Most Popular Triggers

Trigger Type	Count	Percentage	Usage Pattern
workflow_dispatch	116	88.5%	Manual triggering capability
schedule	97	74.0%	Automated periodic execution
issues	14	10.7%	Issue lifecycle events
issue_comment	14	10.7%	Issue comment interactions
pull_request	10	7.6%	PR lifecycle events
discussion_comment	5	3.8%	Discussion interactions
discussion	4	3.1%	Discussion lifecycle events
workflow_run	2	1.5%	Triggered by other workflows
release	1	0.8%	Release events
push	1	0.8%	Code push events

Common Trigger Combinations

The most prevalent trigger combinations reveal workflow activation patterns:

schedule + workflow_dispatch: 90 workflows (68.7%)
- Pattern: Daily/periodic automation with manual override capability
- Use case: Reports, analysis, maintenance tasks
workflow_dispatch only: 12 workflows (9.2%)
- Pattern: Fully manual, on-demand execution
- Use case: Interactive tools, one-off operations
Multi-event reactive workflows: 3 workflows (2.3%)
- Pattern: discussion + discussion_comment + issue_comment + issues + pull_request
- Use case: Comprehensive event-driven agents
pull_request + schedule + workflow_dispatch: 4 workflows (3.1%)
- Pattern: Both reactive (PR events) and proactive (scheduled)
- Use case: PR analysis with periodic batch processing

Schedule Patterns

Analysis of the 97 scheduled workflows reveals:

Peak Scheduling Times (Weekdays Only):

2 PM UTC (14:00): 4 workflows - Most popular time slot
1 PM UTC (13:00): 4 workflows
11 AM UTC (11:00): 4 workflows
3 PM UTC (15:00): 2 workflows
9 AM UTC (09:00): 2 workflows

Common Patterns:

Weekday-only schedules (* * 1-5): 23 workflows (23.7%)
- Aligns with business hours for operational tasks
Daily execution: 67 workflows run at least once per day
Weekly execution: 4 workflows run weekly (e.g., Sunday, Monday, Wednesday)
Hourly/frequent: 3 workflows run multiple times per day (*/30, */1, */4, */6, */12)

Special Schedules:

Monthly: 1 workflow runs on the 1st of each month (0 9 1 * *)
Bi-daily: 1 workflow runs every 6 hours (2 */6 * * *)
Half-hourly: 1 workflow runs every 30 minutes (*/30 * * * *)
Hourly: 1 workflow runs every hour (49 */1 * * *)

Safe Outputs Analysis

Safe Output Types Distribution

Safe outputs enable workflows to produce structured outputs for downstream processing. Nearly all workflows (127/131 = 97%) use safe output mechanisms.

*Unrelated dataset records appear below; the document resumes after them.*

(* For every integer $t\ge 2$, $$\lim_{n\to\infty}\frac{l\bigl(2^{t-1}n+2^{t-2}\bigr)}{l\bigl(2^{t-1}n+2^{t-2}-1\bigr)}=\frac{3F(t-1)}{F(t-1)-2}.$$
   Context: For $n\ge 0$, $c(n)=\sum_{i=0}^{n}\left(\binom{n}{i}\bmod 2\right)2^{i}$, the integer whose binary digits form the $n$-th row of Pascal's triangle modulo $2$; one has $c(2n)\equiv 1\pmod 4$, and $l(n)=\frac{c(2n)-1}{4}$. $F(j)=2^{2^j}+1$ is the $j$-th Fermat number. *)

From mathcomp Require Import all_boot.

Definition c (n : nat) : nat :=
  (\sum_(i < n.+1) ('C(n, i) %% 2) * expn 2 i)%N.

(* l(n) = (c(2n) - 1)/4  (exact division since c(2n) = 1 mod 4) *)
Definition l (n : nat) : nat := ((c (2 * n) - 1) %/ 4)%N.

Definition F (j : nat) : nat := (expn 2 (expn 2 j) + 1)%N.

From mathcomp Require Import all_boot.
From Stdlib Require Import Reals Lia Lra Psatz.
From Coquelicot Require Import Coquelicot.
From mathcomp Require Import zify.
(* Stdlib's [Nat.pow] notation shadows ssrnat's [^] on nat; put [expn] back on top. *)
Import ssrnat.

(* Write [P_n(x)] for the polynomial whose coefficients are the n-th row of
   Pascal's triangle mod 2, so that [c n = P_n(2)].  Mod 2 one has
   (1 + X)^(2k) = (1 + X^2)^k, whence [P_(2k)(x) = P_k(x^2)] and
   [P_(2k+1)(x) = (1 + x) P_k(x^2)].  Iterating along the binary digits of the
   two arguments gives, with [A = 4^(2^(t-2))] and [Q = prod_(j < t-2) (1 + 4^(2^j))],
   [4 l(m) + 1 = (1 + A) P_n(A^2)] and [4 l(m - 1) + 1 = Q P_n(A^2)] for
   [m = 2^(t-1) n + 2^(t-2)].  As [P_n(A^2) -> oo] the ratio tends to
   [(1 + A) / Q], and the telescoping product [3 Q + 1 = A] together with
   [F(t-1) = A + 1] turns this into [3 F(t-1) / (F(t-1) - 2)]. *)

Open Scope nat_scope.

Definition pascal_row2 (x n : nat) : nat := \sum_(i < n.+1) odd 'C(n, i) * x ^ i.

Lemma c_pascal_row2 n : c n = pascal_row2 2 n.
Proof. by rewrite /c /pascal_row2; apply: eq_bigr => i _; rewrite modn2. Qed.

Lemma odd_binSS n j : odd 'C(n.+2, j.+2) = odd 'C(n, j.+2) (+) odd 'C(n, j).
Proof.
by rewrite !binS !oddD; case: (odd 'C(n, j)); case: (odd 'C(n, j.+1));
  case: (odd 'C(n, j.+2)).
Qed.

Lemma odd_bin_double_doubleS k i : odd 'C(k.*2, i.*2.+1) = false.
Proof.
elim: k i => [|k IHk] [|i]; rewrite ?bin0n // ?bin1 ?odd_double //.
by rewrite !doubleS odd_binSS -doubleS !IHk.
Qed.

Lemma odd_bin_double k i : odd 'C(k.*2, i.*2) = odd 'C(k, i).
Proof.
elim: k i => [|k IHk] [|i]; rewrite ?bin0 ?bin0n //.
by rewrite !doubleS odd_binSS -doubleS !IHk binS oddD addbC.
Qed.

Lemma odd_bin_doubleS_double k i : odd 'C(k.*2.+1, i.*2) = odd 'C(k, i).
Proof.
case: i => [|i]; first by rewrite !bin0.
by rewrite doubleS binS oddD odd_bin_double_doubleS -doubleS odd_bin_double addbF.
Qed.

Lemma odd_bin_doubleS_doubleS k i : odd 'C(k.*2.+1, i.*2.+1) = odd 'C(k, i).
Proof. by rewrite binS oddD odd_bin_double_doubleS odd_bin_double. Qed.

Lemma big_ord_double (R : Type) (idx : R) (op : Monoid.law idx) N (f : nat -> R) :
  \big[op/idx]_(i < N.*2) f i = \big[op/idx]_(i < N) op (f i.*2) (f i.*2.+1).
Proof.
elim: N => [|N IHN]; first by rewrite !big_ord0.
by rewrite doubleS !big_ord_recr /= IHN Monoid.mulmA.
Qed.

Lemma pascal_row2_double x k : pascal_row2 x k.*2 = pascal_row2 (x ^ 2) k.
Proof.
have top_zero : \sum_(i < (k.+1).*2) odd 'C(k.*2, i) * x ^ i = pascal_row2 x k.*2.
  by rewrite doubleS big_ord_recr /= bin_small ?ltnSn // addn0.
rewrite -top_zero (big_ord_double _ _ _ k.+1 (fun i => odd 'C(k.*2, i) * x ^ i)).
apply: eq_bigr => i _ /=.
by rewrite odd_bin_double_doubleS odd_bin_double addn0 -expnM mul2n.
Qed.

Lemma pascal_row2_doubleS x k : pascal_row2 x k.*2.+1 = (1 + x) * pascal_row2 (x ^ 2) k.
Proof.
rewrite /pascal_row2 -doubleS.
rewrite (big_ord_double _ _ _ k.+1 (fun i => odd 'C(k.*2.+1, i) * x ^ i)) big_distrr.
apply: eq_bigr => i _ /=.
rewrite odd_bin_doubleS_doubleS odd_bin_doubleS_double -expnM mul2n expnS.
by rewrite mulnDl mul1n [x * (_ * _)]mulnCA.
Qed.

Lemma pascal_row2_mul_expn2 s x n :
  pascal_row2 x (2 ^ s * n) = pascal_row2 (x ^ 2 ^ s) n.
Proof.
elim: s x n => [|s IHs] x n; first by rewrite mul1n expn1.
by rewrite expnSr -mulnA mul2n IHs pascal_row2_double expnM.
Qed.

Definition fermat_prod (x s : nat) : nat := \prod_(j < s) (1 + x ^ 2 ^ j).

Lemma mul_fermat_prod x s : x * fermat_prod x.+1 s + 1 = x.+1 ^ 2 ^ s.
Proof.
rewrite /fermat_prod; elim: s => [|s IHs]; first by rewrite big_ord0 muln1 addn1.
rewrite big_ord_recr /= expnSr expnM -IHs.
set P := \prod_(j < s) _; set y := x.+1 ^ 2 ^ s; nia.
Qed.

Lemma pascal_row2_mul_expn2_add_pred s x n :
  pascal_row2 x (2 ^ s * n + (2 ^ s).-1)
  = fermat_prod x s * pascal_row2 (x ^ 2 ^ s) n.
Proof.
rewrite /fermat_prod.
elim: s x => [|s IHs] x; first by rewrite big_ord0 !mul1n addn0 expn1.
have -> : 2 ^ s.+1 * n + (2 ^ s.+1).-1 = (2 ^ s * n + (2 ^ s).-1).*2.+1.
  by have := expn_gt0 2 s; rewrite expnS; lia.
rewrite pascal_row2_doubleS IHs big_ord_recl expn1 mulnA -expnM -expnS.
by congr (_ * _ * _); apply: eq_bigr => j _; rewrite -expnM -expnS.
Qed.

Lemma pascal_row2_ge x n : x ^ n <= pascal_row2 x n.
Proof. by rewrite /pascal_row2 big_ord_recr /= binn mul1n leq_addl. Qed.

Lemma pascal_row2_4_l k : pascal_row2 4 k = 4 * l k + 1.
Proof.
have head_tail : pascal_row2 4 k = 4 * \sum_(i < k) odd 'C(k, i.+1) * 4 ^ i + 1.
  rewrite /pascal_row2 big_ord_recl bin0 addnC big_distrr /=; congr (_ + _).
  by apply: eq_bigr => i _; rewrite expnS mulnCA.
by rewrite /l c_pascal_row2 mul2n pascal_row2_double head_tail addnK mulKn.
Qed.

Lemma pascal_row2_block_mid s x n :
  pascal_row2 x (2 ^ s.+1 * n + 2 ^ s) = (1 + x ^ 2 ^ s) * pascal_row2 (x ^ 2 ^ s.+1) n.
Proof.
have -> : 2 ^ s.+1 * n + 2 ^ s = 2 ^ s * n.*2.+1 by rewrite expnS; lia.
by rewrite pascal_row2_mul_expn2 pascal_row2_doubleS -expnM -expnSr.
Qed.

Lemma pascal_row2_block_pred s x n :
  pascal_row2 x (2 ^ s.+1 * n + 2 ^ s - 1)
  = fermat_prod x s * pascal_row2 (x ^ 2 ^ s.+1) n.
Proof.
have -> : 2 ^ s.+1 * n + 2 ^ s - 1 = 2 ^ s * n.*2 + (2 ^ s).-1.
  by have := expn_gt0 2 s; rewrite expnS; lia.
by rewrite pascal_row2_mul_expn2_add_pred pascal_row2_double -expnM -expnSr.
Qed.

Open Scope R_scope.

Lemma Rdiv_div_div_r (x y z : R) : z <> 0 -> x / z / (y / z) = x / y.
Proof.
move=> z_neq0; rewrite /Rdiv Rinv_mult Rinv_inv.
by transitivity (x * / y * (z * / z)); [ring | rewrite Rinv_r // Rmult_1_r].
Qed.

Lemma INR_l k : INR (l k) = (INR (pascal_row2 4 k) - 1) / 4.
Proof. by rewrite pascal_row2_4_l plus_INR mult_INR /=; field. Qed.

Lemma is_lim_seq_pascal_row2 x :
  (1 < x)%N -> is_lim_seq (fun n => INR (pascal_row2 x n)) p_infty.
Proof.
move=> x_gt1; apply: (is_lim_seq_le_p_loc INR); last exact: is_lim_seq_INR.
exists 0%N => n _; apply/le_INR/leP.
exact: ltnW (leq_trans (ltn_expl n x_gt1) (pascal_row2_ge x n)).
Qed.

Lemma is_lim_seq_affine_ratio (a b : R) (p : nat -> R) :
  0 < b -> is_lim_seq p p_infty ->
  is_lim_seq (fun n => (a * p n - 1) / (b * p n - 1)) (a / b).
Proof.
move=> b_gt0 p_oo.
have inv_p : is_lim_seq (fun n => / p n) 0.
  by have := is_lim_seq_inv _ p_infty p_oo ltac:(discriminate).
have [N p_big] := proj2 (is_lim_seq_spec _ _) p_oo (1 + / b).
apply: (is_lim_seq_ext_loc (fun n => (a - / p n) / (b - / p n))).
  exists N => n /p_big p_gt.
  have b_inv : b * / b = 1 by field; lra.
  have inv_b_gt0 : 0 < / b by apply: Rinv_0_lt_compat.
  field; split; nra.
have -> : a / b = (a - 0) / (b - 0) by rewrite !Rminus_0_r.
apply: is_lim_seq_div'; last by rewrite Rminus_0_r; lra.
- exact: is_lim_seq_minus' (is_lim_seq_const a) inv_p.
- exact: is_lim_seq_minus' (is_lim_seq_const b) inv_p.
Qed.

Close Scope R_scope.

Theorem mainTheorem9 (t : nat) (ht : leq 2 t) :
  is_lim_seq
    (fun n : nat =>
       (INR (l (addn (muln (expn 2 (subn t 1)) n) (expn 2 (subn t 2))))
        / INR (l (subn (addn (muln (expn 2 (subn t 1)) n) (expn 2 (subn t 2))) 1)))%R)
    (Finite (3 * INR (F (subn t 1)) / (INR (F (subn t 1)) - 2))%R).
Proof.
case: t ht => [|[|u]] // _; rewrite !subSS !subn0.
set A := (4 ^ 2 ^ u)%N; set Q := fermat_prod 4 u.
set P := fun n => INR (pascal_row2 (4 ^ 2 ^ u.+1) n).
have Q_gt0 : (0 < INR Q)%R.
  by apply/lt_0_INR/ltP; rewrite prodn_gt0 // => j; rewrite addn_gt0.
have A_Q : INR A = (3 * INR Q + 1)%R.
  by rewrite /A -(mul_fermat_prod 3 u) plus_INR mult_INR -/Q /=; ring.
have F_A : INR (F u.+1) = (INR A + 1)%R.
  by rewrite /F expnS expnM plus_INR.
apply: (is_lim_seq_ext (fun n => ((1 + INR A) * P n - 1) / (INR Q * P n - 1))%R).
  move=> n; rewrite !INR_l Rdiv_div_div_r; last lra.
  by rewrite pascal_row2_block_mid pascal_row2_block_pred !mult_INR plus_INR.
have -> : (3 * INR (F u.+1) / (INR (F u.+1) - 2) = (1 + INR A) / INR Q)%R.
  by rewrite F_A A_Q; field; lra.
apply: is_lim_seq_affine_ratio Q_gt0 (is_lim_seq_pascal_row2 _ _).
by rewrite -[1%N](expn0 4) ltn_exp2l // expn_gt0.
Qed.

Type	Count	Percentage	Purpose
missing_tool	126	96.2%	Report unavailable tools/capabilities
noop	126	96.2%	Signal completion with no action needed
missing_data	125	95.4%	Report missing data/information
create_issue	104	79.4%	Create GitHub issues
create_discussion	101	77.1%	Create repository discussions
create_pr	49	37.4%	Create pull requests
add_comment	42	32.1%	Add comments to issues/PRs
create_pr_review	27	20.6%	Add PR review comments
update_issue	8	6.1%	Update existing issues

Key Insights

Error Handling is Universal: 96%+ of workflows include missing_tool, noop, and missing_data outputs, indicating robust error handling and transparency mechanisms.
Dual Output Capability: 77-79% of workflows support both create_issue and create_discussion, providing flexibility in how results are communicated.
PR Workflow Support: 37% support creating PRs, 21% support PR review comments - indicating significant code change automation.
Multiple Output Types: 126 workflows (96%) use multiple safe output types simultaneously, enabling workflows to adapt output based on context and results.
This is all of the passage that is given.